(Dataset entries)
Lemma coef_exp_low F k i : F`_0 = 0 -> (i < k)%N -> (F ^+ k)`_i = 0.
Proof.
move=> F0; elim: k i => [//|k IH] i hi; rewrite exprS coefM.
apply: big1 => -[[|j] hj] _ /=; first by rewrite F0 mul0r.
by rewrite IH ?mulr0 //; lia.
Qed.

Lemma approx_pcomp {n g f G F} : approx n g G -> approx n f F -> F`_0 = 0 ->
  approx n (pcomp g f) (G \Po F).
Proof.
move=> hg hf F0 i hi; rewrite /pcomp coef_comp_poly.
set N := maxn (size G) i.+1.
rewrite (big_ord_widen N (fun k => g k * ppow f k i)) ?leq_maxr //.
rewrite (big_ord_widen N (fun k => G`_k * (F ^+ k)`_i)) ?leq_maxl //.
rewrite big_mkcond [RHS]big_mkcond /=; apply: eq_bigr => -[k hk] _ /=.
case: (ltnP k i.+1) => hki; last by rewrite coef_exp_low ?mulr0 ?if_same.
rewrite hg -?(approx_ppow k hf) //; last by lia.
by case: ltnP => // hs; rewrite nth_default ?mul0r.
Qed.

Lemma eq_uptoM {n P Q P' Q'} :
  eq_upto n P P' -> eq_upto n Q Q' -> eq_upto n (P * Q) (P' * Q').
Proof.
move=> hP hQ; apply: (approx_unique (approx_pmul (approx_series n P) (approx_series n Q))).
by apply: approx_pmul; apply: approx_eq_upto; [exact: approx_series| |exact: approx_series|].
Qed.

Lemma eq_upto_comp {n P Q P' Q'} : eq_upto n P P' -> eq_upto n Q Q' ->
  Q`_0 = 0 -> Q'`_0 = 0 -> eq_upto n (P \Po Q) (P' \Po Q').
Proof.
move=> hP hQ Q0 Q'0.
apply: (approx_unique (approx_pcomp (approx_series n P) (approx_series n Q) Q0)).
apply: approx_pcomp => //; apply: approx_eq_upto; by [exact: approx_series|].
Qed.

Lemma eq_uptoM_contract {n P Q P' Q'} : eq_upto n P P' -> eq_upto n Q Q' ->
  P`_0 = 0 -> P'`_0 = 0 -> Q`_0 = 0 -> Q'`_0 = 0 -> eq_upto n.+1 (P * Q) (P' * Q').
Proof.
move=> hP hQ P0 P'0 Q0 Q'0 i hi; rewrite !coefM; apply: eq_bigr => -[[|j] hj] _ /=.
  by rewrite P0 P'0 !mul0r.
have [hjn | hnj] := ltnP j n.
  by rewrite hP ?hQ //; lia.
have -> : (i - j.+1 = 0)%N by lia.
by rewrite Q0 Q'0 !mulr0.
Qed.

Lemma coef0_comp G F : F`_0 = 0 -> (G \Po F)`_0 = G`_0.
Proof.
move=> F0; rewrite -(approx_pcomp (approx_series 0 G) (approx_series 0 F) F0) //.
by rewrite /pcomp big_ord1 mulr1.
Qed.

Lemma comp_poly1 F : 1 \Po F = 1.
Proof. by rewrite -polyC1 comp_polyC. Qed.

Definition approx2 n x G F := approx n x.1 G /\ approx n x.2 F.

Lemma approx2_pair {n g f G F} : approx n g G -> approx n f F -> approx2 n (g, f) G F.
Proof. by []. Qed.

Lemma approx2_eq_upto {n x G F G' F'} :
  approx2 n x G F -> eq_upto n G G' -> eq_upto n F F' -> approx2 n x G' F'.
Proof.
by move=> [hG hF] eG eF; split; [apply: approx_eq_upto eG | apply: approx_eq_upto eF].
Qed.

* Exercise details
Would you be able to transcribe every line of the data exactly?

* Exercise response
Lemma coef_exp_low F k i : F`_0 = 0 -> (i < k)%N -> (F ^+ k)`_i = 0.
Proof.
move=> F0; elim: k i => [//|k IH] i hi; rewrite exprS coefM.
apply: big1 => -[[|j] hj] _ /=; first by rewrite F0 mul0r.
by rewrite IH ?mulr0 //; lia.
Qed.

Lemma approx_pcomp {n g f G F} : approx n g G -> approx n f F -> F`_0 = 0 ->
  approx n (pcomp g f) (G \Po F).
Proof.
move=> hg hf F0 i hi; rewrite /pcomp coef_comp_poly.
set N := maxn (size G) i.+1.
rewrite (big_ord_widen N (fun k => g k * ppow f k i)) ?leq_maxr //.
rewrite (big_ord_widen N (fun k => G`_k * (F ^+ k)`_i)) ?leq_maxl //.
rewrite big_mkcond [RHS]big_mkcond /=; apply: eq_bigr => -[k hk] _ /=.
case: (ltnP k i.+1) => hki; last by rewrite coef_exp_low ?mulr0 ?if_same.
rewrite hg -?(approx_ppow k hf) //; last by lia.
by case: ltnP => // hs; rewrite nth_default ?mul0r.
Qed.

Lemma eq_uptoM {n P Q P' Q'} :
  eq_upto n P P' -> eq_upto n Q Q' -> eq_upto n (P * Q) (P' * Q').
Proof.
move=> hP hQ; apply: (approx_unique (approx_pmul (approx_series n P) (approx_series n Q))).
by apply: approx_pmul; apply: approx_eq_upto; [exact: approx_series| |exact: approx_series|].
Qed.

Lemma eq_upto_comp {n P Q P' Q'} : eq_upto n P P' -> eq_upto n Q Q' ->
  Q`_0 = 0 -> Q'`_0 = 0 -> eq_upto n (P \Po Q) (P' \Po Q').
Proof.
move=> hP hQ Q0 Q'0.
apply: (approx_unique (approx_pcomp (approx_series n P) (approx_series n Q) Q0)).
apply: approx_pcomp => //; apply: approx_eq_upto; by [exact: approx_series|].
Qed.

Lemma eq_uptoM_contract {n P Q P' Q'} : eq_upto n P P' -> eq_upto n Q Q' ->
  P`_0 = 0 -> P'`_0 = 0 -> Q`_0 = 0 -> Q'`_0 = 0 -> eq_upto n.+1 (P * Q) (P' * Q').
Proof.
move=> hP hQ P0 P'0 Q0 Q'0 i hi; rewrite !coefM; apply: eq_bigr => -[[|j] hj] _ /=.
  by rewrite P0 P'0 !mul0r.
have [hjn | hnj] := ltnP j n.
  by rewrite hP ?hQ //; lia.
have -> : (i - j.+1 = 0)%N by lia.
by rewrite Q0 Q'0 !mulr0.
Qed.

Lemma coef0_comp G F : F`_0 = 0 -> (G \Po F)`_0 = G`_0.
Proof.
move=> F0; rewrite -(approx_pcomp (approx_series 0 G) (approx_series 0 F) F0) //.
by rewrite /pcomp big_ord1 mulr1.
Qed.

Lemma comp_poly1 F : 1 \Po F = 1.
Proof. by rewrite -polyC1 comp_polyC. Qed.

Definition approx2 n x G F := approx n x.1 G /\ approx n x.2 F.

Lemma approx2_pair {n g f G F} : approx n g G -> approx n f F -> approx2 n (g, f) G F.
Proof. by []. Qed.

Lemma approx2_eq_upto {n x G F G' F'} :
  approx2 n x G F -> eq_upto n G G' -> eq_upto n F F' -> approx2 n x G' F'.
Proof.
by move=> [hG hF] eG eF; split; [apply: approx_eq_upto eG | apply: approx_eq_upto eF].
Qed.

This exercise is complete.